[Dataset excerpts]
*** Begin section ***
Lemma star_sentences I J : uniq I -> uniq J ->
  star (sentence S I) (sentence W J) = \sum_(f | maps_to J I f) fibre_term I J f.
Proof.
elim: I J => [|i I IH] J; last first.
  rewrite cons_uniq => /andP[iI I_uniq] J_uniq.
  rewrite star_sentence_cons [RHS](partition_big (fibre_mask i J) xpredT) //.
  by apply: eq_bigr => m _; rewrite IH ?mask_uniq // sum_fibre_cons.
move=> _ _; rewrite (star_tonel star_ext) sentenceE eps_sentence_of.
case: J => [|j J] /=; rewrite ?scale1r ?scale0r.
  rewrite (big_pred1 [ffun => i0]) // => f; apply/forallP/eqP => [f_to|-> j].
    by apply/ffunP => j; rewrite ffunE; apply/eqP/f_to.
  by rewrite ffunE.
rewrite big_pred0 // => f; apply/negbTE/forallP => /(_ j).
by rewrite mem_head in_nil.
Qed.

Lemma fibre_term_noninjective (f : ffun_kn) :
  ~~ injectiveb f -> fibre_term (enum 'I_n) (enum 'I_k) f = 0.
Proof.
move=> f_noninj.
have /existsP[[j1 j2] /andP[/= j12 /eqP f12]] :
    [exists p : 'I_k * 'I_k, (p.1 != p.2) && (f p.1 == f p.2)].
  apply: contraR f_noninj => /existsPn f_inj; apply/injectiveP => j1 j2 f12.
  by apply/eqP; have := f_inj (j1, j2); rewrite /= f12 eqxx andbT negbK.
apply: (@fibre_term_eq0 _ _ _ (f j1)); first by rewrite mem_enum.
apply: (@leq_trans (size [:: j1; j2])) => //; apply: uniq_leq_size; first by rewrite /= inE j12.
by move=> j; rewrite !inE mem_filter mem_enum andbT => /orP[] /eqP ->; rewrite ?f12.
Qed.

End Fibres.

Theorem proposition4p7 (K : fieldType) (A : choiceType)
    (star : TTV K A -> TTV K A -> TTV K A) (Hstar : is_ext_star star)
    (n k : nat) (Hn : (0 < n)%N) (Hk : (0 < k)%N)
    (S : 'I_n -> TVp K A) (W : 'I_k -> TVp K A) :
  star (sentence S (enum 'I_n)) (sentence W (enum 'I_k)) =
  \sum_(f : {ffun 'I_k -> 'I_n} | injectiveb f)
    foldr (fun i acc => bar (star (incl (S i)) (sentence W [seq j <- enum 'I_k | f j == i])) acc)
          (tone K A) (enum 'I_n).
Proof.
rewrite (star_sentences Hstar S W (Ordinal Hn) (enum_uniq _) (enum_uniq _)).
rewrite [LHS]big_mkcond [RHS]big_mkcond; apply: eq_bigr => f _.
have -> : maps_to (Ordinal Hn) (enum 'I_k) (enum 'I_n) f.
  by apply/forallP => j; rewrite !mem_enum.
by case: (boolP (injectiveb f)) => [//|/fibre_term_noninjective ->].
Qed.
(* Let $\xi=(\tau_L,\delta_L,\tau_R,\delta_R)\in\Phi_{\rm BYG}$. Then $m_{\rm crit}>2\delta_R$.
   Context: Let $\Phi=\{\xi\in\mathbb{R}^4: \tau_L>\delta_L+1,\ \delta_L>0,\ \tau_R<-(\delta_R+1),\ \delta_R>0\}$. For $\xi\in\Phi$, the matrix $\begin{bmatrix}\tau_L&1\\-\delta_L&0\end{bmatrix}$ has real eigenvalues $0<\lambda_L^s<1<\lambda_L^u$. Let $\phi(\xi)=\delta_R-\left(\tau_R+\delta_L+\delta_R-(1+\tau_R)\lambda_L^u\right)\lambda_L^u$ and $\Phi_{\rm BYG}=\{\xi\in\Phi:\phi(\xi)>0\}$. Let $m_{\rm crit}=\lambda_L^s+\frac{2\tau_L}{(\lambda_L^u)^2-1}$. *)

From Stdlib Require Import Reals Lra.
Open Scope R_scope.

Definition in_Phi (tL dL tR dR : R) : Prop :=
  tL > dL + 1 /\ dL > 0 /\ tR < - (dR + 1) /\ dR > 0.

(* Eigenvalues of [[tL, 1], [-dL, 0]]: roots of l^2 - tL l + dL = 0.
   For xi in Phi the discriminant is positive and 0 < lamLs < 1 < lamLu. *)
Definition lamLs (tL dL : R) : R := (tL - sqrt (tL ^ 2 - 4 * dL)) / 2.
Definition lamLu (tL dL : R) : R := (tL + sqrt (tL ^ 2 - 4 * dL)) / 2.

Definition phi (tL dL tR dR : R) : R :=
  dR - (tR + dL + dR - (1 + tR) * lamLu tL dL) * lamLu tL dL.

Definition in_Phi_BYG (tL dL tR dR : R) : Prop :=
  in_Phi tL dL tR dR /\ phi tL dL tR dR > 0.

Definition m_crit (tL dL : R) : R :=
  lamLs tL dL + 2 * tL / (lamLu tL dL ^ 2 - 1).

(* Write u = lamLu and s = lamLs.  By Vieta, tL = u + s and dL = u s, so
   phi = (u - 1) (tR u - dR) + u^2 (1 - s).  Bounding tR by -(dR + 1), the
   condition phi > 0 becomes dR (u^2 - 1) < u - s u^2, and then
   (m_crit - 2 dR) (u^2 - 1) > s (u^2 - 1) + 2 (u + s) - 2 (u - s u^2)
   = s (3 u^2 + 1) > 0. *)
From Stdlib Require Import Reals Lra Psatz.
Open Scope R_scope.

Section LeftEigenvalues.

Variables tL dL : R.

Lemma discr_pos : 0 <= dL -> dL + 1 < tL -> 0 < tL ^ 2 - 4 * dL.
Proof.
  intros hd ht.
  (* tL^2 > (dL + 1)^2 = 4 dL + (dL - 1)^2 *)
  assert (0 <= (dL - 1) ^ 2) by (apply pow2_ge_0).
  nra.
Qed.

Hypothesis hD : 0 <= tL ^ 2 - 4 * dL.

Let sqrt_discr_sq : sqrt (tL ^ 2 - 4 * dL) ^ 2 = tL ^ 2 - 4 * dL.
Proof. rewrite <- Rsqr_pow2. apply Rsqr_sqrt, hD. Qed.

Lemma lamLs_add_lamLu : lamLs tL dL + lamLu tL dL = tL.
Proof. unfold lamLs, lamLu. field. Qed.

Lemma lamLs_mul_lamLu : lamLs tL dL * lamLu tL dL = dL.
Proof.
  unfold lamLs, lamLu.
  replace ((tL - sqrt (tL ^ 2 - 4 * dL)) / 2 * ((tL + sqrt (tL ^ 2 - 4 * dL)) / 2))
    with ((tL ^ 2 - sqrt (tL ^ 2 - 4 * dL) ^ 2) / 4) by field.
  rewrite sqrt_discr_sq. field.
Qed.

Lemma lamLs_le_lamLu : lamLs tL dL <= lamLu tL dL.
Proof.
  unfold lamLs, lamLu.
  pose proof (sqrt_pos (tL ^ 2 - 4 * dL)). lra.
Qed.

Lemma lamLs_gt0 : 0 < dL -> 0 < tL -> 0 < lamLs tL dL.
Proof.
  intros hd ht.
  pose proof lamLs_add_lamLu; pose proof lamLs_mul_lamLu; pose proof lamLs_le_lamLu.
  nra.
Qed.

(* (1 - lamLs) (1 - lamLu) = 1 - tL + dL < 0 separates the roots by 1. *)
Lemma lamLu_gt1 : 1 - tL + dL < 0 -> 1 < lamLu tL dL.
Proof.
  intros h1.
  pose proof lamLs_add_lamLu; pose proof lamLs_mul_lamLu; pose proof lamLs_le_lamLu.
  nra.
Qed.

Lemma phi_lamL (tR dR : R) :
  phi tL dL tR dR =
  (lamLu tL dL - 1) * (tR * lamLu tL dL - dR)
  + lamLu tL dL ^ 2 * (1 - lamLs tL dL).
Proof.
  unfold phi.
  rewrite <- lamLs_mul_lamLu at 1.
  ring.
Qed.

End LeftEigenvalues.

Lemma phi_pos_bound (u s tR dR : R) :
  1 < u -> tR < - (dR + 1) ->
  0 < (u - 1) * (tR * u - dR) + u ^ 2 * (1 - s) ->
  dR * (u ^ 2 - 1) < u - s * u ^ 2.
Proof.
  intros hu htR hphi.
  assert (tR * (u * (u - 1)) < - (dR + 1) * (u * (u - 1))).
  { apply Rmult_lt_compat_r; [nra | exact htR]. }
  nra.
Qed.

Lemma m_crit_gt (u s dR : R) :
  1 < u -> 0 < s -> dR * (u ^ 2 - 1) < u - s * u ^ 2 ->
  2 * dR < s + 2 * (s + u) / (u ^ 2 - 1).
Proof.
  intros hu hs hdR.
  assert (hu2 : 0 < u ^ 2 - 1) by nra.
  apply Rmult_lt_reg_r with (u ^ 2 - 1); [exact hu2 |].
  replace ((s + 2 * (s + u) / (u ^ 2 - 1)) * (u ^ 2 - 1))
    with (s * (u ^ 2 - 1) + 2 * (s + u)) by (field; lra).
  nra.
Qed.

Theorem lemma4p3 (tL dL tR dR : R) :
  in_Phi_BYG tL dL tR dR -> m_crit tL dL > 2 * dR.
Proof.
  intros [[htL [hdL [htR _]]] hphi].
  assert (hD : 0 <= tL ^ 2 - 4 * dL) by (apply Rlt_le, discr_pos; lra).
  rewrite (phi_lamL _ _ hD) in hphi.
  unfold m_crit. rewrite <- (lamLs_add_lamLu tL dL) at 2.
  assert (hu : 1 < lamLu tL dL) by (apply lamLu_gt1; [exact hD | lra]).
  assert (hs : 0 < lamLs tL dL) by (apply lamLs_gt0; [exact hD | lra | lra]).
  apply m_crit_gt; [exact hu | exact hs |].
  apply phi_pos_bound with tR; [exact hu | exact htR | lra].
Qed.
*** End section ***
About this exercise: Give the number of lines in the data above that contain the word "replace", with no accompanying text.

Final answer: 2